Джон, рожденный так же как и его отец в июне, обрел упокоение.
Судебные разбирательства в Карлайле, август 1803 года
В Карлайле, как думалось Хэтфилду, его содержали вполне сносно. Его доставили в город в первую неделю августа за девять дней до начала слушаний, дабы он успел подготовиться к суду. Его тюремщик, мистер Кемпбелл, круглолицый, любезный и веселый, точно озорной монах, приветствовал нового постояльца тюрьмы с тем радушием, с каким приветствовал бы Джона сам Джордж Вуд, а карлайлская тюрьма представлялась бы столь же уютным местечком, как и гостиница «Голова королевы».
— Уж так приятно, — заверил надзиратель, — готов служить к вашему удовольствию.
Подобное обращение всколыхнуло в душе его все самое лучшее, он подал тюремщику гинею с таким смешанным чувством дружелюбия и надменности, что мистер Кемпбелл немедленно и безоговорочно перешел в ряды ярых сторонников Хэтфилда.

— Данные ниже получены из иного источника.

(* Let $G_1=(V,E_1)$, $G_2=(V,E_2)$ be a duplex network on a finite node set $V$ with driver budgets $k_1,k_2$, and let $(M_1,M_2)\in\mathcal M_1(k_1)\times\mathcal M_2(k_2)$ be a state. Let $\mathcal P$ be a feasible CLAP from $v_0\in\mathrm{DD}_1$ to $v_k\in\mathrm{DD}_2$ in this state. Applying $\mathcal P$ yields a new state $(M_1',M_2')$ satisfying: (i) $|D(M_1')|=k_1$ and $|D(M_2')|=k_2$; (ii) $\Delta(M_1',M_2')=\Delta(M_1,M_2)-2$; (iii) $|U(M_1',M_2')|=|U(M_1,M_2)|-1$.
   Context: For $\ell\in\{1,2\}$, $\mathcal B_\ell$ is the bipartite graph with vertex classes $V^+=\{v^+\}$, $V^-=\{v^-\}$ and an edge $\{u^+,v^-\}$ for each $(u,v)\in E_\ell$. For a matching $M$ in $\mathcal B_\ell$, $D(M)=\{v\in V: v^-\text{ uncovered by }M\}$, and $|D(M)|=|V|-|M|$. $\mathcal M_\ell(k_\ell)$ is the set of matchings in $\mathcal B_\ell$ of size $|V|-k_\ell$. With $D_\ell=D(M_\ell)$: $U(M_1,M_2)=D_1\cup D_2$, $\mathrm{DD}_1=D_1\setminus D_2$, $\mathrm{DD}_2=D_2\setminus D_1$, $\Delta(M_1,M_2)=|\mathrm{DD}_1|+|\mathrm{DD}_2|$. An $M_\ell$-alternating path is a simple path in $\mathcal B_\ell$ whose edges alternate between $M_\ell$ and non-$M_\ell$. An admissible segment $(u\xrightarrow{\ell}v)$ requires an $M_\ell$-alternating witness path between $u^-$ and $v^-$ and: for $\ell=1$, $u\in D_1$, $v\notin D_1$; for $\ell=2$, $u\notin D_2$, $v\in D_2$. A CLAP is a sequence of admissible segments $v_0\xrightarrow{\ell_1}v_1\cdots\xrightarrow{\ell_k}v_k$, each with a chosen witness path, with $v_0\in\mathrm{DD}_1$, $v_k\in\mathrm{DD}_2$, consecutive layers different ($\ell_{i+1}\ne\ell_i$), and all $v_i$ distinct. It is feasible if, for each layer $\ell$, the witness paths of its layer-$\ell$ segments are pairwise edge-disjoint. Applying $\mathcal P$ means replacing, for each $\ell$, $M_\ell$ by the symmetric difference $M_\ell\triangle\bigcup E(p)$, where the union runs over the edge sets of the witness paths $p$ of all layer-$\ell$ segments of $\mathcal P$. *)

From HB Require Import structures.
From mathcomp Require Import all_boot.
Set Implicit Arguments. Unset Strict Implicit. Unset Printing Implicit Defensive.

Inductive layer := L1 | L2.
Definition layer_eqb (a b : layer) : bool :=
  match a, b with L1, L1 | L2, L2 => true | _, _ => false end.
Lemma layer_eqP : Equality.axiom layer_eqb.
Proof. by case; case; constructor. Qed.
HB.instance Definition _ := hasDecEq.Build layer layer_eqP.

Section Duplex.
Variable V : finType.

(* A layer G_l = (V, E_l) is given by its set of directed edges E_l : {set V * V}.
   Vertices of the bipartite graph B_l are  V + V : inl v = v^+, inr v = v^-.
   The B_l-edge {u^+, v^-} is represented by the pair (u, v); a set M of such pairs
   is a set of edges of B_l. *)

Definition badj (E : {set V * V}) (x y : V + V) : bool :=
  match x, y with
  | inl u, inr v => (u, v) \in E
  | inr v, inl u => (u, v) \in E
  | _, _ => false
  end.

(* the pair (u,v) naming the B-edge between x and y (meaningful when badj) *)
Definition bedge (x y : V + V) : V * V :=
  match x, y with
  | inl u, inr v => (u, v)
  | inr v, inl u => (u, v)
  | inl u, inl v => (u, v)
  | inr u, inr v => (u, v)
  end.

Definition path_edges (p : seq (V + V)) : seq (V * V) :=
  if p is x :: s then pairmap bedge x s else [::].
Definition Eset (p : seq (V + V)) : {set V * V} := [set e in path_edges p].

Definition is_matching (E M : {set V * V}) : Prop :=
  [/\ M \subset E,
      {in M &, forall e f : V * V, e.1 = f.1 -> e = f} &
      {in M &, forall e f : V * V, e.2 = f.2 -> e = f}].

Definition D (M : {set V * V}) : {set V} := [set v | [forall e in M, e.2 != v]].

Definition Mk (E : {set V * V}) (k : nat) (M : {set V * V}) : Prop :=
  is_matching E M /\ #|M| + k = #|V|.

Definition U (M1 M2 : {set V * V}) : {set V} := D M1 :|: D M2.
Definition DD1 (M1 M2 : {set V * V}) : {set V} := D M1 :\: D M2.
Definition DD2 (M1 M2 : {set V * V}) : {set V} := D M2 :\: D M1.
Definition Delta (M1 M2 : {set V * V}) : nat := #|DD1 M1 M2| + #|DD2 M1 M2|.

Definition alt_path (E M : {set V * V}) (a b : V + V) (p : seq (V + V)) : Prop :=
  if p is x :: s then
    [/\ x = a, last x s = b, uniq p, path (badj E) x s &
        sorted (fun e f : V * V => (e \in M) != (f \in M)) (pairmap bedge x s)]
  else False.

Definition sel (A1 A2 : {set V * V}) (l : layer) : {set V * V} :=
  match l with L1 => A1 | L2 => A2 end.

Definition admissible (E1 E2 M1 M2 : {set V * V}) (l : layer) (u v : V)
    (p : seq (V + V)) : Prop :=
  alt_path (sel E1 E2 l) (sel M1 M2 l) (inr u) (inr v) p /\
  match l with
  | L1 => u \in D M1 /\ v \notin D M1
  | L2 => u \notin D M2 /\ v \in D M2
  end.

(* A segment of a CLAP: (layer l_i, witness path p_i, end vertex v_i).
   A CLAP starting at v0 is given by v0 and the list of its segments; the i-th
   segment (0-based) goes from v_i to v_{i+1}. *)
Definition seg := (layer * seq (V + V) * V)%type.
Definition seg_layer (s : seg) : layer := s.1.1.
Definition seg_path (s : seg) : seq (V + V) := s.1.2.
Definition seg_end (s : seg) : V := s.2.

Definition clap_vertices (v0 : V) (segs : seq seg) : seq V := v0 :: map seg_end segs.

Definition is_CLAP (E1 E2 M1 M2 : {set V * V}) (v0 : V) (segs : seq seg) : Prop :=
  let sd : seg := (L1, [::], v0) in
  let vs := clap_vertices v0 segs in
  [/\ (forall i, i < size segs ->
         admissible E1 E2 M1 M2 (seg_layer (nth sd segs i)) (nth v0 vs i)
                    (nth v0 vs i.+1) (seg_path (nth sd segs i))),
      (forall i, i.+1 < size segs ->
         seg_layer (nth sd segs i) <> seg_layer (nth sd segs i.+1)),
      uniq vs,
      v0 \in DD1 M1 M2 &
      last v0 (map seg_end segs) \in DD2 M1 M2].

Definition feasible (v0 : V) (segs : seq seg) : Prop :=
  let sd : seg := (L1, [::], v0) in
  forall i j, i < size segs -> j < size segs -> i <> j ->
    seg_layer (nth sd segs i) = seg_layer (nth sd segs j) ->
    [disjoint Eset (seg_path (nth sd segs i)) & Eset (seg_path (nth sd segs j))].

Definition symdiff (A B : {set V * V}) : {set V * V} := (A :\: B) :|: (B :\: A).

Definition apply_layer (M : {set V * V}) (l : layer) (segs : seq seg) : {set V * V} :=
  symdiff M (\bigcup_(s <- segs | seg_layer s == l) Eset (seg_path s)).

End Duplex.

(* Write [star P x] for the edges of P at the vertex x of the bipartite graph: M is a
   matching iff all its stars have at most one edge, and v is in D(M) iff the star of v^-
   is empty.  The edge set of a simple M-alternating path from a^- to b^- has empty stars
   off the path, a star {e, f} with exactly one edge in M at every inner vertex, and
   one-edge stars at the two ends whose edges differ in M-membership, the path having even
   length.  Hence, if exactly one of a, b lies in D(M), flipping the path gives a matching
   whose D is that of M toggled at a and b; edge- and end-disjoint paths can be flipped one
   after the other.
   In a CLAP v_0 ... v_k the vertex v_i is an end of those of the segments i-1 and i that
   exist, while admissibility puts v_i in exactly one of D(M_1), D(M_2) iff i = 0 or i = k.
   These two parities agree, so after the flips every CLAP vertex lies in both or in neither
   of D(M_1'), D(M_2') and all other vertices keep their status: DD_1 loses exactly v_0,
   DD_2 loses exactly v_k, and |D(M_l')| = |D(M_l)|. *)

From mathcomp Require Import all_boot zify.
Set Implicit Arguments. Unset Strict Implicit. Unset Printing Implicit Defensive.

Первым к нему явился преподобный Марк, который исполнял обязанности тюремного капеллана наравне с преподобным Паттерсоном. Именно от Марка Хэтфилд и узнал историю Карлайла — значимость римского завоевания для основания крепости, и притязания на то, что якобы именно Карлайл был столицей при короле Артуре, о завоевании этого края норманнами, о величайших войнах с Шотландией, когда Карлайл, как разменная карта в игре, переходил из одних рук в другие; узнал он и о том, как короля Шотландии короновали в этом городе, и о том, что величайший завоеватель Англии, король и воин, захоронен на кладбище близ Бурга-на-Песках. После того, как две национальные армии сошлись в битве на границе и увидели, как враждующая сторона покинула Англию морем близ Солуэй, что в заливе Солуэй-Ферт, местные семьи в течение трех веков враждовали с Карлайлом, поскольку город представлял собой единственный оплот порядка и законности на многие мили к югу и северу, пока Яков[53] не объединил два враждующих королевства дипломатическим путем. И наконец, заключил свое повествование тем, как Красавец принц Чарли[54] явился в город в сопровождении ста волынщиков всего шестьдесят семь лет назад — некоторые люди, которые, еще будучи маленькими детьми, оказались свидетелями того знаменательного события, и по сию пору живут в городе.
Хэтфилд даже почувствовал себя несколько польщенным, поскольку на их с Мэри пути через Карлайл, делал экскурс в его историю. Для него эта была весьма благодатная тема.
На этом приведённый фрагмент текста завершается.